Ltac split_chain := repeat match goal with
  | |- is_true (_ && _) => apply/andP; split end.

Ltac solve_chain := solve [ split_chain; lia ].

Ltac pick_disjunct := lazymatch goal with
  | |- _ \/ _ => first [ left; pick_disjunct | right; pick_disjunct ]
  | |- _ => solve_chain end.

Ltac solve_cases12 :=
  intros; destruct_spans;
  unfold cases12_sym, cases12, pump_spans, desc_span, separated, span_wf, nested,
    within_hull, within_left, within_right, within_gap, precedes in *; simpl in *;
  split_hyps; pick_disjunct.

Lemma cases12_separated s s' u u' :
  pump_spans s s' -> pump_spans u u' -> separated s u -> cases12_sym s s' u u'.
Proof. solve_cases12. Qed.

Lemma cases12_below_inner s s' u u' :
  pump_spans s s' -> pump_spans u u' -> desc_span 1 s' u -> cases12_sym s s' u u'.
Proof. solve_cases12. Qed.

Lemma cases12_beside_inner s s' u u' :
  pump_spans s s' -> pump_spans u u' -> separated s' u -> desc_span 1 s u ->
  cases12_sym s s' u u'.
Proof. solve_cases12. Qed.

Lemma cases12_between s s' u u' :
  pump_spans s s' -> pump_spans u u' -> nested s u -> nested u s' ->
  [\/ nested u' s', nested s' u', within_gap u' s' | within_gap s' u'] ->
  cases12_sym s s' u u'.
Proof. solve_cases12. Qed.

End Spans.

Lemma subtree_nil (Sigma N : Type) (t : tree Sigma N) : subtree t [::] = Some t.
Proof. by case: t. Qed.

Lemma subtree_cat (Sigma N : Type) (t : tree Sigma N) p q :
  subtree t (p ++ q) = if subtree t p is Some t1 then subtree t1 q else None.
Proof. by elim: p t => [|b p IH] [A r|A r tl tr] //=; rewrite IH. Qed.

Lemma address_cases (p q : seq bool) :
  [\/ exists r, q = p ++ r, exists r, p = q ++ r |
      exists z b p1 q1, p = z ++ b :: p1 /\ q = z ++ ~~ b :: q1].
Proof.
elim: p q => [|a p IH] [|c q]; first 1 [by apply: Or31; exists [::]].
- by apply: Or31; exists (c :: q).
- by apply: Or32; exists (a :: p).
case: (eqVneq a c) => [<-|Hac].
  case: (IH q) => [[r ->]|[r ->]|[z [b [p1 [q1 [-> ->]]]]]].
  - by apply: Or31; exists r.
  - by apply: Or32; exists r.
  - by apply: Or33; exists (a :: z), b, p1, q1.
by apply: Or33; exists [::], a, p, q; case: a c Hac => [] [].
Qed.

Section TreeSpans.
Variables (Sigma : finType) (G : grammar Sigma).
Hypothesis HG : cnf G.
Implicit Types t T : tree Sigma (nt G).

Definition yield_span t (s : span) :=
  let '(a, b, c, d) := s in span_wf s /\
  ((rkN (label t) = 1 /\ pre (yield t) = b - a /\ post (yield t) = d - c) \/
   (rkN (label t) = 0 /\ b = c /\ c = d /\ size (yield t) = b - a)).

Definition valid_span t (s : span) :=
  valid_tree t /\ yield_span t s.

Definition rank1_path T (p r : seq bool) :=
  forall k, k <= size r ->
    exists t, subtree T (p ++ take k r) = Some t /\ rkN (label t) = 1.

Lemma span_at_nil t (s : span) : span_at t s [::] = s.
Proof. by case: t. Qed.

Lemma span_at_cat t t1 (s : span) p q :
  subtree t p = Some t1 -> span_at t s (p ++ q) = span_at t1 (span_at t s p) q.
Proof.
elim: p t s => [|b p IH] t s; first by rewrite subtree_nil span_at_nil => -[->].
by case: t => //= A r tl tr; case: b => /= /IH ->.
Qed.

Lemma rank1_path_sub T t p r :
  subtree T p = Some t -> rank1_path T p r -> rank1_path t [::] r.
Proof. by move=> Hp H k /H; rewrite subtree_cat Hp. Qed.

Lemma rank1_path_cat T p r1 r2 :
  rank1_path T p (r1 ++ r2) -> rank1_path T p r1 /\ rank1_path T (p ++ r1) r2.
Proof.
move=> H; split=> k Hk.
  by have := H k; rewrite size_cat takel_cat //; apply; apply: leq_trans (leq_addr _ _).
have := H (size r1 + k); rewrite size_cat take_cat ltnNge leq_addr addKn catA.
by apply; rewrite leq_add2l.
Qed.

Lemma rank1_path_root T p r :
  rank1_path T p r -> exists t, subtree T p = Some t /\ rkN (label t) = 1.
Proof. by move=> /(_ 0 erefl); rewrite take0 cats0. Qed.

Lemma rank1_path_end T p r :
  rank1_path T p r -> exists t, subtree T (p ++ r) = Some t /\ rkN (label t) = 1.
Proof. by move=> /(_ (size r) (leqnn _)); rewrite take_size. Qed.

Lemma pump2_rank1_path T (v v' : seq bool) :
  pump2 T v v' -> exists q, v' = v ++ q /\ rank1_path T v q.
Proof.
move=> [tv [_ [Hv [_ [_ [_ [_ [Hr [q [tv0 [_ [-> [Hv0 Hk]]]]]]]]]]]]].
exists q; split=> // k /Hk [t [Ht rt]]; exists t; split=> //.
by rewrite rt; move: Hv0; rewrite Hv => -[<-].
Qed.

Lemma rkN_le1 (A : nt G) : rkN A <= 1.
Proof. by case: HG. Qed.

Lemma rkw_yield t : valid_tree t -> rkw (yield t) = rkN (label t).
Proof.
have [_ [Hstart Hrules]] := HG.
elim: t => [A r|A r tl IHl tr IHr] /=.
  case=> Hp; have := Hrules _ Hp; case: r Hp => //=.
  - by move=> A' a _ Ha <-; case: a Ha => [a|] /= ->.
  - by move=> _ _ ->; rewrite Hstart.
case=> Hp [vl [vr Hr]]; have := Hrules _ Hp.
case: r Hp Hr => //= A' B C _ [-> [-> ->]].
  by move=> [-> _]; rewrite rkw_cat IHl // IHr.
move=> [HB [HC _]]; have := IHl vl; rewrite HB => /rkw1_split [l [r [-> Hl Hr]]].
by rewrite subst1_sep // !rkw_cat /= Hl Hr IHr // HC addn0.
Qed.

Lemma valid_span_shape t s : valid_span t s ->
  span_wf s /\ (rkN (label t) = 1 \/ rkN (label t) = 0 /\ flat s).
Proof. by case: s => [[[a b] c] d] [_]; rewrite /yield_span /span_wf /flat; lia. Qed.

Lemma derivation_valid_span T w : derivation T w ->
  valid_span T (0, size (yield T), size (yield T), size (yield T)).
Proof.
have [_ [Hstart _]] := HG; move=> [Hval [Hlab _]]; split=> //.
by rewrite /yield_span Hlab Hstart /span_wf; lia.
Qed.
★ ★ ★ ★ ★ ★ ★
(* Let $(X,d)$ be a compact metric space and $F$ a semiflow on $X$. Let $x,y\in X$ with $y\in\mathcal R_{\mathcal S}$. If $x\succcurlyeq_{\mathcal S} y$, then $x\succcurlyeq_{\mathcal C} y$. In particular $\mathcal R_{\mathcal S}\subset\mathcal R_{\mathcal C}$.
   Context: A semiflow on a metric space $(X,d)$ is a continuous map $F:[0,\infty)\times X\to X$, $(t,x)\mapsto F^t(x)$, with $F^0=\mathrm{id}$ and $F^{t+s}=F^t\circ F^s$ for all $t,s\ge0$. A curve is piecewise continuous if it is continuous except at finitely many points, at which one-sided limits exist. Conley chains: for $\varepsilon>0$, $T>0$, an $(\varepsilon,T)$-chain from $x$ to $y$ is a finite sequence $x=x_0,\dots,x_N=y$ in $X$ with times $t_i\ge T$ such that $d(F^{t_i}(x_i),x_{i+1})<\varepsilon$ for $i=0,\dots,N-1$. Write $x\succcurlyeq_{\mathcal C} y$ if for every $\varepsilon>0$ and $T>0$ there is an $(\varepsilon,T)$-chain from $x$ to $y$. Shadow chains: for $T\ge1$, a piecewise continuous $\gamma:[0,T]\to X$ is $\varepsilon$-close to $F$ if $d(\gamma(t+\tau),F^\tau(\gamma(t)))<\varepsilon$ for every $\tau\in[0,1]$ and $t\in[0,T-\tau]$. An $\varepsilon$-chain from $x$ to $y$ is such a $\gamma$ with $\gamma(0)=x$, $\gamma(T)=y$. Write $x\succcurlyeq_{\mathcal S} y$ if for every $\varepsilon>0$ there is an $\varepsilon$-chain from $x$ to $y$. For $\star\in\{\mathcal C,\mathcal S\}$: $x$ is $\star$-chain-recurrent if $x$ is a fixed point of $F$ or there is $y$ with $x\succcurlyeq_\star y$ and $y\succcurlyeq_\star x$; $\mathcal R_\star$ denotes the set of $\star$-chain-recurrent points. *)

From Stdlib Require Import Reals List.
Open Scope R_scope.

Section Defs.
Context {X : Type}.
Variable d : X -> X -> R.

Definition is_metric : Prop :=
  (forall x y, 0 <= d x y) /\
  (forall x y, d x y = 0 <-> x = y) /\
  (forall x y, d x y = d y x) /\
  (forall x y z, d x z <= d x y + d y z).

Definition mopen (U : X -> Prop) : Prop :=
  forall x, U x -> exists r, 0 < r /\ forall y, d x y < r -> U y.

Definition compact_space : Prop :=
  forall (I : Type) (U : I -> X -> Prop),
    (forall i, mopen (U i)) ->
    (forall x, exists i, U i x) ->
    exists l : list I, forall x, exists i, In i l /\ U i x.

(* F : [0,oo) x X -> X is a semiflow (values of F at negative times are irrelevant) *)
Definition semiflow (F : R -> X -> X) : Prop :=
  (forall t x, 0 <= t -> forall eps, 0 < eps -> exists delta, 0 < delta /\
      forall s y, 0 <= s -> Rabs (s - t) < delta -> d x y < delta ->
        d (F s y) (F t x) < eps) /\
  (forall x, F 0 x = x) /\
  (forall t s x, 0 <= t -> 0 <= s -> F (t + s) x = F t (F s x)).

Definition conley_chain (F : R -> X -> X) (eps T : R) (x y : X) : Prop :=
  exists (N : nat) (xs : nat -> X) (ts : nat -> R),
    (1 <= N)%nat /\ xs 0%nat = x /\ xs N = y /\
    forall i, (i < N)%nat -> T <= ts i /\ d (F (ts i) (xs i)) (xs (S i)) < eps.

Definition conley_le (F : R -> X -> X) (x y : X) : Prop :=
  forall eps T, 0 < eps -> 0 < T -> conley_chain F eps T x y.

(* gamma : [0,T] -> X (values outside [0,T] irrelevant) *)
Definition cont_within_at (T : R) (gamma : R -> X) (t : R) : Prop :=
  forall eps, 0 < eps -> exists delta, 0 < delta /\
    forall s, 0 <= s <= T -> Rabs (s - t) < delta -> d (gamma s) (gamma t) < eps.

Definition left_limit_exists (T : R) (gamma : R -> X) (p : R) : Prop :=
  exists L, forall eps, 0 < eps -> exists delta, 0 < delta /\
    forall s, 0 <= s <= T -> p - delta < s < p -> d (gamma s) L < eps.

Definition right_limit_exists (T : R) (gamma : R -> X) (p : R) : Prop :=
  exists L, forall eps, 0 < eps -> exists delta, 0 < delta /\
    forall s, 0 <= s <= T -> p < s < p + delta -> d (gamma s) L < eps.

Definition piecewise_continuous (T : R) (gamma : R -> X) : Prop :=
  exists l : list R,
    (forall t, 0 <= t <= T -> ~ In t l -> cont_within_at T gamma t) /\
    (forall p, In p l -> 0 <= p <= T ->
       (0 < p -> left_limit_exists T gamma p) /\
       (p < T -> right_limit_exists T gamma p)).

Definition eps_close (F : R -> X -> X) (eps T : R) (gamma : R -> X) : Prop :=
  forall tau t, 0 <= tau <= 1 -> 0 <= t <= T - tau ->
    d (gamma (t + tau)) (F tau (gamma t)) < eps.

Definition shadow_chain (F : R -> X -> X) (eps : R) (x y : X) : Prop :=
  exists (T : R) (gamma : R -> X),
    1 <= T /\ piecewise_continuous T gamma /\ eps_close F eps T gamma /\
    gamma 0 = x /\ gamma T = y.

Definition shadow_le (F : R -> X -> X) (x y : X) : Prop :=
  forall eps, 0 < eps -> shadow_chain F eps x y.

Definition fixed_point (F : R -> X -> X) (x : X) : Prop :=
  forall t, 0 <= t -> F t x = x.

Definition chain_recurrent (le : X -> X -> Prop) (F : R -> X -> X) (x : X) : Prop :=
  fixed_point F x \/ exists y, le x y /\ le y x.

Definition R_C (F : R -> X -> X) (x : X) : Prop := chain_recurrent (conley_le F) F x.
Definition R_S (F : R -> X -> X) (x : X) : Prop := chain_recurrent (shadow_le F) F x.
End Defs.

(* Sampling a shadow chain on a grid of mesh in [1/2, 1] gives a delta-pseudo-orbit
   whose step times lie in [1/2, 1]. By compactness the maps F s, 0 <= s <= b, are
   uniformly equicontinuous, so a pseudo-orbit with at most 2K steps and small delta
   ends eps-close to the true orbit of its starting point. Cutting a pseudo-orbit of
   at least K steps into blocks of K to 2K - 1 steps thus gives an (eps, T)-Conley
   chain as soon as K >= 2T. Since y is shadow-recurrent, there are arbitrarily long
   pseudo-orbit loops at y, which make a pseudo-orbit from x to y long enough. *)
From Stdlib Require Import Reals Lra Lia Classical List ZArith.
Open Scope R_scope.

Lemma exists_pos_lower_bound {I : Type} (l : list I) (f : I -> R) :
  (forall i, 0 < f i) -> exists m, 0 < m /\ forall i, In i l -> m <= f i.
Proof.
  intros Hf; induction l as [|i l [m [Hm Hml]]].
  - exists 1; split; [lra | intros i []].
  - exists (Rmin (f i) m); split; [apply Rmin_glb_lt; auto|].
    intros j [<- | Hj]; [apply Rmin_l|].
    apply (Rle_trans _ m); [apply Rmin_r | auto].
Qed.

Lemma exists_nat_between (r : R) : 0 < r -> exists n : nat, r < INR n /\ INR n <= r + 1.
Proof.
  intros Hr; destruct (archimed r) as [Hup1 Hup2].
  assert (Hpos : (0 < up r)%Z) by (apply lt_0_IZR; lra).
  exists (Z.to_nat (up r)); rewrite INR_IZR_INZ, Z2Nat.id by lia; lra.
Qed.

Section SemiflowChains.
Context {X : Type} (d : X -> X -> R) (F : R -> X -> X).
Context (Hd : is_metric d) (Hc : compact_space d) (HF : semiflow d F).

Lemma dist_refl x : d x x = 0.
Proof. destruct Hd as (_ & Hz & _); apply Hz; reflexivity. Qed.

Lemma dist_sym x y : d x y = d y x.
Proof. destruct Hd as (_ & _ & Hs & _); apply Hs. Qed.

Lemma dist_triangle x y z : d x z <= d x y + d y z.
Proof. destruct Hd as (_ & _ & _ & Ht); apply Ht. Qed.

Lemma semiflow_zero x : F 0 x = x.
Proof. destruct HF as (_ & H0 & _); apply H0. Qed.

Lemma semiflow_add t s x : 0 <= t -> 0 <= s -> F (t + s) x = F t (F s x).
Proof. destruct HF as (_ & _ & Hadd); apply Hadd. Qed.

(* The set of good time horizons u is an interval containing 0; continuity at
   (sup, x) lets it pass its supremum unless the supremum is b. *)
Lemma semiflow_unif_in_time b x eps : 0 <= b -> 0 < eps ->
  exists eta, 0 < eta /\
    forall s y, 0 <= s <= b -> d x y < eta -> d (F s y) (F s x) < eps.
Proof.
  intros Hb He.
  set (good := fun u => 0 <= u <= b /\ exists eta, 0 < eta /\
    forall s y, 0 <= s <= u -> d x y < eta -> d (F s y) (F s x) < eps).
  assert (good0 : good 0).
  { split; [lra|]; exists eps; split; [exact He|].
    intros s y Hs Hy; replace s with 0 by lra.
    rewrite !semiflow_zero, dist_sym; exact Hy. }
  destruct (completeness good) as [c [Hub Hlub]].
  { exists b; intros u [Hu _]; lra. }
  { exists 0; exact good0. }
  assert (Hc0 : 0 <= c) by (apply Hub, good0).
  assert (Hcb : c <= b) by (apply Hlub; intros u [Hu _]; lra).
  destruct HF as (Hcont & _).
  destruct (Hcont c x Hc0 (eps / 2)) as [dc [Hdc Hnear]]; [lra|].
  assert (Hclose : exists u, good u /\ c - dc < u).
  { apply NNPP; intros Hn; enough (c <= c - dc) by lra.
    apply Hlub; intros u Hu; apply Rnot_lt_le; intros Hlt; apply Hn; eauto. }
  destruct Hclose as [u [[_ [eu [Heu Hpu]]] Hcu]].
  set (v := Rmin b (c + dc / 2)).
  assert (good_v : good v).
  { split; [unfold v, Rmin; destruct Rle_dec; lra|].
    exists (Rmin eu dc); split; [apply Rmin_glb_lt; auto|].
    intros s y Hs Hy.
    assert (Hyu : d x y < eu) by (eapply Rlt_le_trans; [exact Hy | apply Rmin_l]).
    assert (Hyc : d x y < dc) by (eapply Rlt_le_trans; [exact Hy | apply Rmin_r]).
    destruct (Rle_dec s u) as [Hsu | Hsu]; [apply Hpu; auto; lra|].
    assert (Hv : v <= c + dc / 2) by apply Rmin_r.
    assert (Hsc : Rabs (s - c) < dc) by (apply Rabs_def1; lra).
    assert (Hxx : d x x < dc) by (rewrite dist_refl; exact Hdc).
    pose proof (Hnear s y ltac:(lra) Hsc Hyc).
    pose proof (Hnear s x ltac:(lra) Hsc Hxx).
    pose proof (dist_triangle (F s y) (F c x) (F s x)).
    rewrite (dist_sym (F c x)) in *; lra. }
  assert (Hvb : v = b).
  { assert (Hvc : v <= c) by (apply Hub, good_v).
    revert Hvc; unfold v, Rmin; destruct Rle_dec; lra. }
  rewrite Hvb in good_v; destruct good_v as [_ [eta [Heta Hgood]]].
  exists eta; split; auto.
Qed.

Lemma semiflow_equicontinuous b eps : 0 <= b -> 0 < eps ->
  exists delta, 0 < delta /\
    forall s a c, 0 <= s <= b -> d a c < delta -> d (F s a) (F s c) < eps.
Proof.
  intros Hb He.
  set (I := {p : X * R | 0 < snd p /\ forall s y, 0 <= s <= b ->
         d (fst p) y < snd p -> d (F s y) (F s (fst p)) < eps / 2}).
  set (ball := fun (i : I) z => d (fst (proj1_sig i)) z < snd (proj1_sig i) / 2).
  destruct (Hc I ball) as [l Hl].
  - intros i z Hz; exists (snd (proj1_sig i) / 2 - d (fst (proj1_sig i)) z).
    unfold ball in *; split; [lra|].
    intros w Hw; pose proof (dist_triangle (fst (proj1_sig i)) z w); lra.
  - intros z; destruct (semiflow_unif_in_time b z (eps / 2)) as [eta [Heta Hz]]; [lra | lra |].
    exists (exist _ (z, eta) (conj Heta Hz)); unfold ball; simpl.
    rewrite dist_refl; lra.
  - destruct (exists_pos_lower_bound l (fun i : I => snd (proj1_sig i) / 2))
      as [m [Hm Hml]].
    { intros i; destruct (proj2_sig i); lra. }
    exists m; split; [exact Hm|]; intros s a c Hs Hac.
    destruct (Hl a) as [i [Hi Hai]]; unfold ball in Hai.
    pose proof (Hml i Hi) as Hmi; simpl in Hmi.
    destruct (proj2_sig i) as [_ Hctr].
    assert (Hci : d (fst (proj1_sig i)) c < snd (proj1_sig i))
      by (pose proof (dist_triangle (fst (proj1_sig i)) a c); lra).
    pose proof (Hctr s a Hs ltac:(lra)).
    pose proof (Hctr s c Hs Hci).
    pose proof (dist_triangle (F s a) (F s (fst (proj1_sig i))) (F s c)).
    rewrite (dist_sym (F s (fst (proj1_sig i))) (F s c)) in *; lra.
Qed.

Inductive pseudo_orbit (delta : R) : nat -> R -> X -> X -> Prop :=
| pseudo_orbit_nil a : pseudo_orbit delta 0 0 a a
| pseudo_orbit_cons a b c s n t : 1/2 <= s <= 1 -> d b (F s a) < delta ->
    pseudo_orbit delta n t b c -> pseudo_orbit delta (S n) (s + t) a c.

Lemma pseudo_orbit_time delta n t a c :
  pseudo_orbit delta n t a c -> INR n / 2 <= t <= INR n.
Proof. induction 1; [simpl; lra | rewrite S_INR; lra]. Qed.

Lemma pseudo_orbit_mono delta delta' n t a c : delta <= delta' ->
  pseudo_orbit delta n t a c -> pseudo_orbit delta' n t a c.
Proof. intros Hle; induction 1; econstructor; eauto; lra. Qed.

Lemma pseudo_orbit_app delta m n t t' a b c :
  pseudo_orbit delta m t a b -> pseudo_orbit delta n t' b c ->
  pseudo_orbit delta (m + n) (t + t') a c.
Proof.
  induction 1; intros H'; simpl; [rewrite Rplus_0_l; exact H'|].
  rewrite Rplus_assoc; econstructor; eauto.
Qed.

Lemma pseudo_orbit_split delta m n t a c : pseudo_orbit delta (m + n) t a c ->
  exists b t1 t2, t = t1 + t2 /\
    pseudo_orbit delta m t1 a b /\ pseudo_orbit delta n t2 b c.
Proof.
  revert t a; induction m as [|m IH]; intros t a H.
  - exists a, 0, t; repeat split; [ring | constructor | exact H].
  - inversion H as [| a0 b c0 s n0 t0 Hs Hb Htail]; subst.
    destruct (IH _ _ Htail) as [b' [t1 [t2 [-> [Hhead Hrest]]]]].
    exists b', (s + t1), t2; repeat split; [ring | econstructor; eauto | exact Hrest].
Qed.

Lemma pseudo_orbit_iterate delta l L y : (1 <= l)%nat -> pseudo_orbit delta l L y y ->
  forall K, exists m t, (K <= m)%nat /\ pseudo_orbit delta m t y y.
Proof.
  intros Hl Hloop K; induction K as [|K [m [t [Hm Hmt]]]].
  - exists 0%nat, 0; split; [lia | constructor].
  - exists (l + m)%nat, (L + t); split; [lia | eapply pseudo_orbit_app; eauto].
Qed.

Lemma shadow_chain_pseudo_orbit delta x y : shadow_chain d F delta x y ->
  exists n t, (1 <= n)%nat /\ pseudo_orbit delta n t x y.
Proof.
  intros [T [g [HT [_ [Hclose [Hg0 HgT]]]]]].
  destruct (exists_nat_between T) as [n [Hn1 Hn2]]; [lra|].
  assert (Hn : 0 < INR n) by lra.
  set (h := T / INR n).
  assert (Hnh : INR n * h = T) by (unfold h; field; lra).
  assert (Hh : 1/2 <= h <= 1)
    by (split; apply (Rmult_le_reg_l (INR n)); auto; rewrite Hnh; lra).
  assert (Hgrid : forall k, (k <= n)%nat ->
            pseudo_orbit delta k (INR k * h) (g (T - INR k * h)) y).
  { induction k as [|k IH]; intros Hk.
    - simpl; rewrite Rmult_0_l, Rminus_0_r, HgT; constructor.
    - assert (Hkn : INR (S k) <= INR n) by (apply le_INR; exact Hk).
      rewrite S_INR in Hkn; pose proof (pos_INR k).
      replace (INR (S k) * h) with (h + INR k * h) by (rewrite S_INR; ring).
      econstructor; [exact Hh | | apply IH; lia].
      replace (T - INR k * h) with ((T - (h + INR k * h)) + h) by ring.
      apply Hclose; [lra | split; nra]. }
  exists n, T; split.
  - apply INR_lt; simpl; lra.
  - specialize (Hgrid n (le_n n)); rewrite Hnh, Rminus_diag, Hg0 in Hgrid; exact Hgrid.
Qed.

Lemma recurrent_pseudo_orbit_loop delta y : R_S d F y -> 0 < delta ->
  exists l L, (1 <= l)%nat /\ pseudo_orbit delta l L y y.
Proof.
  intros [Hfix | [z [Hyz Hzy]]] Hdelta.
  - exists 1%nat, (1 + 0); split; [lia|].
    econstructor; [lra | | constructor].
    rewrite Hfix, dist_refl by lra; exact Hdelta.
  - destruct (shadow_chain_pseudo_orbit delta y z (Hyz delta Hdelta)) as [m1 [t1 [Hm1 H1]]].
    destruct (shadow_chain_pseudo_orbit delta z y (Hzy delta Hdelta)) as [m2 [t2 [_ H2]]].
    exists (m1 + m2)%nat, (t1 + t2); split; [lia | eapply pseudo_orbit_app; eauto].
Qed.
★ ★ ★ ★ ★ ★ ★
# PROBLEM TO WORK ON:
Would you print exactly, and only, the lines of the data above from the line with "Definition piecewise_continuous (T" through the line with "Definition eps_close (F", inclusive?

# EXERCISE ANSWER:
Definition piecewise_continuous (T : R) (gamma : R -> X) : Prop :=
  exists l : list R,
    (forall t, 0 <= t <= T -> ~ In t l -> cont_within_at T gamma t) /\
    (forall p, In p l -> 0 <= p <= T ->
       (0 < p -> left_limit_exists T gamma p) /\
       (p < T -> right_limit_exists T gamma p)).

Definition eps_close (F : R -> X -> X) (eps T : R) (gamma : R -> X) : Prop :=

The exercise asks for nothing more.